The company’s offer price announcement document states that approximately 40% of the net IPO proceeds will be used for business expansion in the next three to five years. The remaining proceeds will be utilized for research and development, potential investments and acquisitions, and as working capital, the document notes.
According to the IPO prospectus, JD Health bagged revenues of over $2 billion (RMB13.2 billion) in the first three quarters of 2020 – an increase of 77.1% year-on-year. As of September 30, 2020 JD Health had 80 million users, nearly double the users it had in 2017, the press statement noted.
JD Health CEO Lijun Xin said in the statement, “2020 is not only an extraordinary year for everyone, but also a year in which JD Health creates social value and JD Health is recognized and understood by society.”
Commenting on the listing, he said, “JD Health will take the listing as an opportunity to do its utmost to promote the medical and health industry towards higher quality, more efficient, more inclusive and more sustainable development to provide convenient accessible and affordable medical and health products and services, and to be people’s chief health manager.”
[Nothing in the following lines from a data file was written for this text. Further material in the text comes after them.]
(* In a plane poset the relation "<=_h or <=_r" is a total order, so the pairing
   <P <| Q, R>_q only compares elements of equal rank.  If a term P1 ⊗ P2 of
   Delta'_q(R) pairs nontrivially with P ⊗ Q, then P1 consists of the #|P|
   smallest elements of R; indeed every splitting set A of R (R = (R|A)(R|~A))
   is the initial segment of rank < #|A|.  So at most one term contributes.
   If that initial segment A0 splits R, the comparability condition and the
   exponent phi decompose along it, the pairs straddling A0 contributing the
   extra |P||Q| to phi; if it does not split R, a pair of elements violating
   the splitting condition violates iota(P <| Q) <= R, so both sides vanish. *)
From Pilot Require Import Defs.
From mathcomp Require Import all_boot all_order all_algebra.
From mathcomp Require Import zify.
Set Implicit Arguments. Unset Strict Implicit. Unset Printing Implicit Defensive.
Import GRing.Theory.

Section PlanePoset.
Variable P : ppr.
Hypothesis planeP : is_plane P.

Lemma ph_antisym (x y : car P) : ph x y -> ph y x -> x = y.
Proof.
case/and3P: planeP => /and3P[_ /forallP H _] _ _ hxy hyx.
by move: (H x) => /forallP /(_ y); rewrite hxy hyx => /eqP.
Qed.

Lemma ph_trans (x y z : car P) : ph x y -> ph y z -> ph x z.
Proof.
case/and3P: planeP => /and3P[_ _ /forallP H] _ _ hxy hyz.
by move: (H x) => /forallP /(_ y) /forallP /(_ z); rewrite hxy hyz.
Qed.

Lemma pr_antisym (x y : car P) : pr x y -> pr y x -> x = y.
Proof.
case/and3P: planeP => _ /and3P[_ /forallP H _] _ hxy hyx.
by move: (H x) => /forallP /(_ y); rewrite hxy hyx => /eqP.
Qed.

Lemma pr_trans (x y z : car P) : pr x y -> pr y z -> pr x z.
Proof.
case/and3P: planeP => _ /and3P[_ _ /forallP H] _ hxy hyz.
by move: (H x) => /forallP /(_ y) /forallP /(_ z); rewrite hxy hyz.
Qed.

Lemma comparab_ph_pr (x y : car P) :
  x != y -> (ph x y || ph y x) = ~~ (pr x y || pr y x).
Proof.
case/and3P: planeP => _ _ /forallP H nxy.
by move: (H x) => /forallP /(_ y); rewrite nxy => /eqP.
Qed.

Lemma tot_lt_irr (x y : car P) : tot_lt x y -> tot_lt y x -> False.
Proof.
rewrite /tot_lt /strict => /andP[nxy hxy] /andP[_ hyx].
move: (comparab_ph_pr nxy).
case/orP: hxy => hxy; case/orP: hyx => hyx.
- by move: nxy; rewrite (ph_antisym hxy hyx) eqxx.
- by rewrite hxy hyx orbT.
- by rewrite hxy hyx orbT.
- by move: nxy; rewrite (pr_antisym hxy hyx) eqxx.
Qed.
Lemma bounded_set2_coord {S : set (R * R)} : bounded_set2 S ->
  exists2 M : R, 0 < M & forall x, S x -> `|x.1| <= M /\ `|x.2| <= M.
Proof.
move=> [M SM]; exists (`|M| + 1) => [|x /SM]; first by rewrite ltr_pwDr.
rewrite (_ : `|x| = Num.max `|x.1| `|x.2|) // gt_max => /andP[x1 x2].
by have := ler_norm M; split; lra.
Qed.

Lemma in_box3 {M L : R} (y : @P3 R) :
  `|y.1.1| <= M -> `|y.1.2| <= M -> 0 <= y.2 <= L ->
  ((`[-M, M] `*` `[-M, M]) `*` `[0, L]) y.
Proof. by move=> y1 y2 y3; split; [split|]; rewrite /= in_itv /= -?ler_norml. Qed.

Lemma cyl_subset_box {Om : set (R * R)} {L M : R} :
  (forall x, Om x -> `|x.1| <= M /\ `|x.2| <= M) ->
  cyl Om L `<=` (`[-M, M] `*` `[-M, M]) `*` `[0, L].
Proof.
move=> OmM x [/OmM[x1 x2] /andP[x30 x3L]].
by apply: in_box3; rewrite // (ltW x30) (ltW x3L).
Qed.

End boxes.

Section uniform_approximation.
Context {R : realType}.
Context {Om : set (R * R)} {L M : R} {hex : R -> R} {h0 : R} {A0 : @P3 R -> @P3 R}.
Hypotheses (L0 : 0 < L) (M0 : 0 < M) (OmM : forall x, Om x -> `|x.1| <= M /\ `|x.2| <= M).
Hypothesis hex_lim : (hex e / `|ln e|) @[e --> 0^'+] --> h0.
Hypotheses (A01_cont : continuous (fun x => (A0 x).1.1))
  (A02_cont : continuous (fun x => (A0 x).1.2)).
(* Let $C \subseteq \mathbb{F}_q^n$ be an arbitrary subspace over the finite field $\mathbb{F}_q$. Then $C$ is $\left(1+\frac{1}{q}\right)$-non-overlapping.
   Context: For a subspace $C \ne \{0\}$, $d(C) := \min_{u \in C\setminus\{0\}}\|u\|_0$, where $\|u\|_0$ is the number of nonzero coordinates. A subspace $C$ is $\alpha$-non-overlapping ($\alpha \ge 1$) if for any $u, v \in C$ linearly independent over $\mathbb{F}_q$, $|\mathrm{supp}(u)\cup\mathrm{supp}(v)| \ge \alpha\cdot d(C)$, where $\mathrm{supp}(u)$ is the set of nonzero coordinates of $u$. *)

From HB Require Import structures.
From mathcomp Require Import all_boot all_order all_algebra all_field.
Set Implicit Arguments. Unset Strict Implicit. Unset Printing Implicit Defensive.
Import GRing.Theory Num.Theory.
Local Open Scope ring_scope.

Definition supp (F : fieldType) (n : nat) (u : 'rV[F]_n) : {set 'I_n} :=
  [set i | u 0 i != 0].

Definition wt (F : fieldType) (n : nat) (u : 'rV[F]_n) : nat := #|supp u|.

(* minimum distance d(C) = min over nonzero u in C of wt u.
   (The default value n is never below the true minimum, so for C <> {0}
   this is exactly the minimum; for C = {0} it is irrelevant.) *)
Definition dmin (F : finFieldType) (n : nat) (C : {vspace 'rV[F]_n}) : nat :=
  \big[minn/n]_(u : 'rV[F]_n | (u \in C) && (u != 0)) wt u.

Definition non_overlapping (F : finFieldType) (n : nat)
    (alpha : rat) (C : {vspace 'rV[F]_n}) : Prop :=
  1 <= alpha /\
  forall u v : 'rV[F]_n, u \in C -> v \in C -> free [:: u; v] ->
    alpha * (dmin C)%:R <= (#|supp u :|: supp v|)%:R.

(* Double counting: sum the weights of all q^2 combinations a u + b v.  A
   coordinate outside supp u ∪ supp v contributes nothing, and one inside it
   is nonzero for exactly q^2 - q pairs (a, b), since a nonzero linear form on
   F^2 has a kernel of size q.  On the other hand the q^2 - 1 nonzero pairs
   give nonzero codewords of C, each of weight at least d(C).  Hence
   (q^2 - 1) d(C) <= (q^2 - q) |supp u ∪ supp v|, i.e.
   (q + 1) d(C) <= q |supp u ∪ supp v|. *)

From HB Require Import structures.
From mathcomp Require Import all_boot all_order all_algebra all_field.
From mathcomp Require Import zify.
Set Implicit Arguments. Unset Strict Implicit. Unset Printing Implicit Defensive.
Import Order.TTheory GRing.Theory Num.Theory.
Local Open Scope ring_scope.

Lemma dmin_le_wt (F : finFieldType) (n : nat) (C : {vspace 'rV[F]_n}) w :
  w \in C -> w != 0 -> (dmin C <= wt w)%N.
Proof.
move=> wC w0; rewrite /dmin -minEnat.
by apply: (@bigmin_le_cond _ nat _ _ _ (fun u => (u \in C) && (u != 0))); rewrite wC.
Qed.

Lemma free_pair_comb_eq0 (K : fieldType) (vT : vectType K) (u v : vT) a b :
  free [:: u; v] -> a *: u + b *: v = 0 -> a = 0 /\ b = 0.
Proof.
move=> /(@freeP _ _ 2 [tuple u; v]) uv_free uv0.
have := uv_free (fun i => if i == ord0 then a else b).
rewrite big_ord_recl big_ord1 /= => /(_ uv0) k0.
by split; [exact: (k0 ord0) | exact: (k0 ord_max)].
Qed.

Section LinearFormKernel.

Variables (F : finFieldType) (x y : F).

Lemma card_linear_form_eq0 : (x != 0) || (y != 0) ->
  #|[set p : F * F | p.1 * x + p.2 * y == 0]| = #|F|.
Proof.
case/orP => [x0 | y0].
- have -> : [set p : F * F | p.1 * x + p.2 * y == 0] =
            [set (- (b * y) / x, b) | b : F].
    apply/setP => -[a b]; rewrite inE /=; apply/idP/imsetP => [| [c _ [-> ->]]].
      by rewrite addr_eq0 => /eqP ax; exists b => //; rewrite -ax mulfK.
    by rewrite divfK // addNr eqxx.
  by rewrite card_imset // => b c [].
- have -> : [set p : F * F | p.1 * x + p.2 * y == 0] =
            [set (a, - (a * x) / y) | a : F].
    apply/setP => -[a b]; rewrite inE /=; apply/idP/imsetP => [| [c _ [-> ->]]].
      by rewrite addrC addr_eq0 => /eqP bx; exists a => //; rewrite -bx mulfK.
    by rewrite divfK // addrN eqxx.
  by rewrite card_imset // => a c [].
Qed.

Lemma card_linear_form_neq0 : (x != 0) || (y != 0) ->
  #|[set p : F * F | p.1 * x + p.2 * y != 0]| = (#|F| * #|F| - #|F|)%N.
Proof.
move=> xy0; rewrite cardsCs card_prod -(card_linear_form_eq0 xy0).
suff -> : ~: [set p : F * F | p.1 * x + p.2 * y != 0] =
          [set p | p.1 * x + p.2 * y == 0] by [].
by apply/setP => p; rewrite !inE negbK.
Qed.

End LinearFormKernel.

Section SpanWeights.

Variables (F : finFieldType) (n : nat) (u v : 'rV[F]_n).

Lemma sum_wt_span2 :
  (\sum_(p : F * F) wt (p.1 *: u + p.2 *: v))%N =
  (#|supp u :|: supp v| * (#|F| * #|F| - #|F|))%N.
Proof.
have wt_sum (w : 'rV[F]_n) : wt w = (\sum_i ((w 0 i != 0)%R : nat))%N.
  by rewrite /wt -sum1_card big_mkcond /=; apply: eq_bigr => i _; rewrite inE.
under eq_bigr do rewrite wt_sum.
rewrite exchange_big -sum_nat_const [RHS]big_mkcond /=; apply: eq_bigr => i _.
rewrite !inE; under eq_bigr do rewrite !mxE.
case: ifP => [uvi0 | /norP[/negbNE/eqP-> /negbNE/eqP->]].
- rewrite -(card_linear_form_neq0 uvi0) -sum1_card [RHS]big_mkcond /=.
  by apply: eq_bigr => p _; rewrite inE.
- by rewrite big1 // => p _; rewrite !mulr0 addr0 eqxx.
Qed.

Lemma dmin_le_sum_wt_span2 (C : {vspace 'rV[F]_n}) :
  u \in C -> v \in C -> free [:: u; v] ->
  ((#|F| * #|F| - 1) * dmin C <= \sum_(p : F * F) wt (p.1 *: u + p.2 *: v))%N.
Proof.
move=> uC vC uv_free.
rewrite (bigD1 (0, 0)) //= subn1 -card_prod -(cardC1 (0 : F, 0 : F)).
rewrite -sum_nat_const (leq_trans _ (leq_addl _ _)) //.
apply: leq_sum => -[a b] ab0; apply: dmin_le_wt; first by rewrite memvD ?memvZ.
by apply: contra ab0 => /= /eqP /(free_pair_comb_eq0 uv_free) [-> ->].
Qed.

End SpanWeights.

Lemma dmin_supp_union_bound (F : finFieldType) (n : nat) (C : {vspace 'rV[F]_n}) u v :
  u \in C -> v \in C -> free [:: u; v] ->
  ((#|F| + 1) * dmin C <= #|supp u :|: supp v| * #|F|)%N.
Proof.
move=> uC vC uv_free; have q_gt1 := finNzRing_gt1 F.
have := dmin_le_sum_wt_span2 uC vC uv_free; rewrite sum_wt_span2.
have -> : (#|F| * #|F| - 1 = (#|F| - 1) * (#|F| + 1))%N by nia.
have -> : (#|F| * #|F| - #|F| = (#|F| - 1) * #|F|)%N by nia.
by rewrite mulnCA -mulnA leq_pmul2l ?subn_gt0.
Qed.

Theorem lemma2p6 (F : finFieldType) (n : nat) (C : {vspace 'rV[F]_n}) :
  non_overlapping (1 + (#|F|%:R)^-1) C.
Proof.
have q_gt0 : (0 : rat) < #|F|%:R by rewrite ltr0n ltnW ?finNzRing_gt1.
split=> [|u v uC vC uv_free]; first by rewrite lerDl invr_ge0 ltW.
rewrite -(ler_pM2r q_gt0) mulrAC mulrDl mul1r mulVf ?gt_eqF //.
by rewrite -(natrD _ _ 1) -!natrM ler_nat; apply: dmin_supp_union_bound.
Qed.
(* The properties ''$X$ is isomorphic to a subspace of $c_0$'' and ''$X$ is isomorphic to a subspace of $\ell_\infty$'' are open for the Kadets distance: if a Banach space $X$ is isomorphic to a subspace of $c_0$ (respectively of $\ell_\infty$), then there exists $\epsilon>0$ such that every Banach space $Y$ with $d_K(X,Y)<\epsilon$ is isomorphic to a subspace of $c_0$ (respectively of $\ell_\infty$).
   Context: The Kadets distance $d_K(X,Y)$ is the infimum, over all Banach spaces $Z$ and linear isometric embeddings $U:X\to Z$, $V:Y\to Z$, of the Hausdorff distance in $Z$ between $UB_X$ and $VB_Y$, where $B_X,B_Y$ are closed unit balls. *)

From HB Require Import structures.
From mathcomp Require Import all_boot all_order all_algebra.
From mathcomp Require Import all_classical all_reals all_analysis.
Set Implicit Arguments. Unset Strict Implicit. Unset Printing Implicit Defensive.
Import Order.TTheory GRing.Theory Num.Theory.
Import numFieldNormedType.Exports.
Local Open Scope classical_set_scope.
Local Open Scope ring_scope.

Definition unit_ball {R : realType} (X : normedModType R) : set X :=
  [set x | `|x| <= 1].

Definition pt_set_dist {R : realType} (Z : normedModType R) (a : Z) (B : set Z)
  : \bar R := ereal_inf [set (`|a - b|)%:E | b in B].

Definition hausdorff_dist {R : realType} (Z : normedModType R) (A B : set Z)
  : \bar R :=
  maxe (ereal_sup [set pt_set_dist a B | a in A])
       (ereal_sup [set pt_set_dist b A | b in B]).

Definition lin_isometry {R : realType} (X Z : normedModType R) (U : {linear X -> Z}) :=
  forall x : X, `|U x| = `|x|.

Definition kadets_dist {R : realType} (X Y : completeNormedModType R) : \bar R :=
  ereal_inf [set r | exists (Z : completeNormedModType R)
                       (U : {linear X -> Z}) (V : {linear Y -> Z}),
                       lin_isometry U /\ lin_isometry V /\
                       r = hausdorff_dist (U @` @unit_ball R X) (V @` @unit_ball R Y)].

Definition sup_norm {R : realType} (f : nat -> R) : \bar R :=
  ereal_sup (range (fun n => (`|f n|)%:E)).

Definition seq_linear {R : realType} (X : normedModType R) (T : X -> nat -> R) :=
  forall (a : R) (x y : X) (n : nat), T (a *: x + y) n = a * T x n + T y n.

Definition sup_norm_iso {R : realType} (X : normedModType R) (T : X -> nat -> R) :=
  exists c C : R, 0 < c /\ 0 < C /\
    forall x : X, ((c * `|x|)%:E <= sup_norm (T x))%E /\
                  (sup_norm (T x) <= (C * `|x|)%:E)%E.
(* Let $A\in\mathbb{R}^{n^2\times n^2}$ be PS-symmetric and define $\tilde A\in\mathbb{R}^{n^2\times n^2}$ by $\tilde A(i_2+(j_2-1)n,\,i_1+(j_1-1)n)=A(i_1+(i_2-1)n,\,j_1+(j_2-1)n)$ for $1\le i_1,i_2,j_1,j_2\le n$. Then $\tilde A$ is PS-symmetric. Consequently there exist real scalars $\lambda^{(\mathrm{sym})}_1,\dots,\lambda^{(\mathrm{sym})}_{n(n+1)/2}$, $\lambda^{(\mathrm{skew})}_1,\dots,\lambda^{(\mathrm{skew})}_{n(n-1)/2}$, symmetric matrices $B^{(\mathrm{sym})}_i\in\mathbb{R}^{n\times n}$ and skew-symmetric matrices $B^{(\mathrm{skew})}_i\in\mathbb{R}^{n\times n}$, whose vecs together form an orthonormal basis of $\mathbb{R}^{n^2}$, such that $$A=\sum_{i=1}^{n(n+1)/2}\lambda^{(\mathrm{sym})}_i\,B^{(\mathrm{sym})}_i\otimes B^{(\mathrm{sym})}_i+\sum_{i=1}^{n(n-1)/2}\lambda^{(\mathrm{skew})}_i\,B^{(\mathrm{skew})}_i\otimes B^{(\mathrm{skew})}_i.$$
   Context: $\Pi_{nn}=I_{n^2}(:,p)$ with $p=[1{:}n{:}n^2,\;2{:}n{:}n^2,\;\dots,\;n{:}n{:}n^2]$ (MATLAB colon notation), equivalently $\Pi_{nn}(e_i\otimes e_j)=e_j\otimes e_i$ for the standard basis $e_1,\dots,e_n$ of $\mathbb{R}^n$. A matrix $M\in\mathbb{R}^{n^2\times n^2}$ is PS-symmetric if $M=M^T$ and $M=\Pi_{nn}M\Pi_{nn}$. $\otimes$ is the Kronecker product and $\mathrm{vec}$ stacks columns. *)

From HB Require Import structures.
From mathcomp Require Import all_boot all_order all_algebra.
Set Implicit Arguments. Unset Strict Implicit. Unset Printing Implicit Defensive.
Import Order.TTheory GRing.Theory Num.Theory.
Local Open Scope ring_scope.

(* 0-based indexing: vidx i j is the position of entry (i,j) of an n x n
   matrix in its column-stacking vec, i.e. value i + j*n
   (the paper's 1-based  i + (j-1) n ). *)
Definition vidx (n : nat) (i j : 'I_n) : 'I_(n * n) := mxvec_index j i.

(* inverse of vidx: vsplit (vidx i j) = (i, j) *)
Definition vsplit (n : nat) (a : 'I_(n * n)) : 'I_n * 'I_n :=
  let p := enum_val (cast_ord (esym (mxvec_cast n n)) a) in (p.2, p.1).

Definition vecm (R : Type) (n : nat) (X : 'M[R]_n) : 'cV[R]_(n * n) :=
  \col_a X (vsplit a).1 (vsplit a).2.

(* Kronecker product: (B ⊗ C)(vidx q p, vidx s r) = B p r * C q s *)
Definition kron (R : pzRingType) (n : nat) (B C : 'M[R]_n) : 'M[R]_(n * n) :=
  \matrix_(a, b) (B (vsplit a).2 (vsplit b).2 * C (vsplit a).1 (vsplit b).1).
(* Truncating f after degree n + 1 changes no coefficient of degree at most n
   of (f^s)^k, so it suffices to work with the polynomial F and its s-fold
   composite F^[s].  The multinomial theorem, proved by induction on N from the
   Pascal rule for multinomial coefficients, gives
     [x^(N+e)] F^N = sum_(<l> = e) (N; l, N - |l|) q^(N - |l|) prod_p q_(p+1)^(l_p).
   Since (F^[s+1])^N = F^N o F^[s], expanding the outermost composition first
   writes [x^(N+d)] (F^[s])^N as a sum, over s-tuples (l_1, ..., l_s) of total
   weight d, of products of such terms, the i-th one with N replaced by
   N + <l_1> + ... + <l_(i-1)>.  Grouping the tuples by their sum L and
   collecting the powers of q yields C(L). *)

Section LowOrderCoefficients.
Variable R : comNzRingType.
Implicit Types F G H : {poly R}.

Lemma coef_exp_lt H i n : H`_0 = 0 -> (n < i)%N -> (H ^+ i)`_n = 0.
Proof.
move=> H0; elim: i n => [|i IH] n //= lt_ni.
rewrite exprS coefM big1 // => -[[|j] /= lt_jn] _; first by rewrite H0 mul0r.
by rewrite IH ?mulr0 //; lia.
Qed.

Lemma coef_comp_poly_low G H n : H`_0 = 0 ->
  (G \Po H)`_n = \sum_(j < n.+1) G`_j * (H ^+ j)`_n.
Proof.
move=> H0; have widen := big_ord_widen (n.+1 + size G) (fun j => G`_j * (H ^+ j)`_n).
rewrite coef_comp_poly widen ?leq_addl // [RHS]widen ?leq_addr //.
rewrite big_mkcond [RHS]big_mkcond; apply: eq_bigr => -[j _] _ /=.
case: ltnP => j_size; case: ltnP => j_n //; first by rewrite coef_exp_lt ?mulr0.
by rewrite nth_default ?mul0r.
Qed.

Lemma coef_exprS_low F N e : F`_0 = 0 ->
  (F ^+ N.+1)`_(N.+1 + e) = \sum_(p < e.+1) F`_p.+1 * (F ^+ N)`_(N + (e - p)).
Proof.
move=> F0; rewrite exprS coefM big_ord_recl F0 mul0r add0r.
rewrite [RHS](big_ord_widen (N.+1 + e) (fun p => F`_p.+1 * (F ^+ N)`_(N + (e - p)))); last by lia.
rewrite [RHS]big_mkcond; apply: eq_bigr => -[p lt_p] _; rewrite lift0 /=; case: ltnP => p_e.
  by congr (_ * _`__); lia.
by rewrite coef_exp_lt ?mulr0 //; lia.
Qed.

Definition comp_iter F s := iter s (fun T => F \Po T) 'X.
JD Health’s strong performance signals to prospective issuers that the market is still open to IPOs, after the abrupt suspension of Ant Group’s record IPO last month. Moreover, it also demonstrates investor interest in the healthcare sector amidst the pandemic.
Additionally, JD Health’s Hong Kong IPO is also demonstrative of Chinese companies’ increasing interest in listing on the Hong Kong bourse. More Chinese companies are looking for listing options closer to home amid souring geo-political relations between China and the U.S.
JD.com remains the controlling shareholder of JD Health even after the IPO.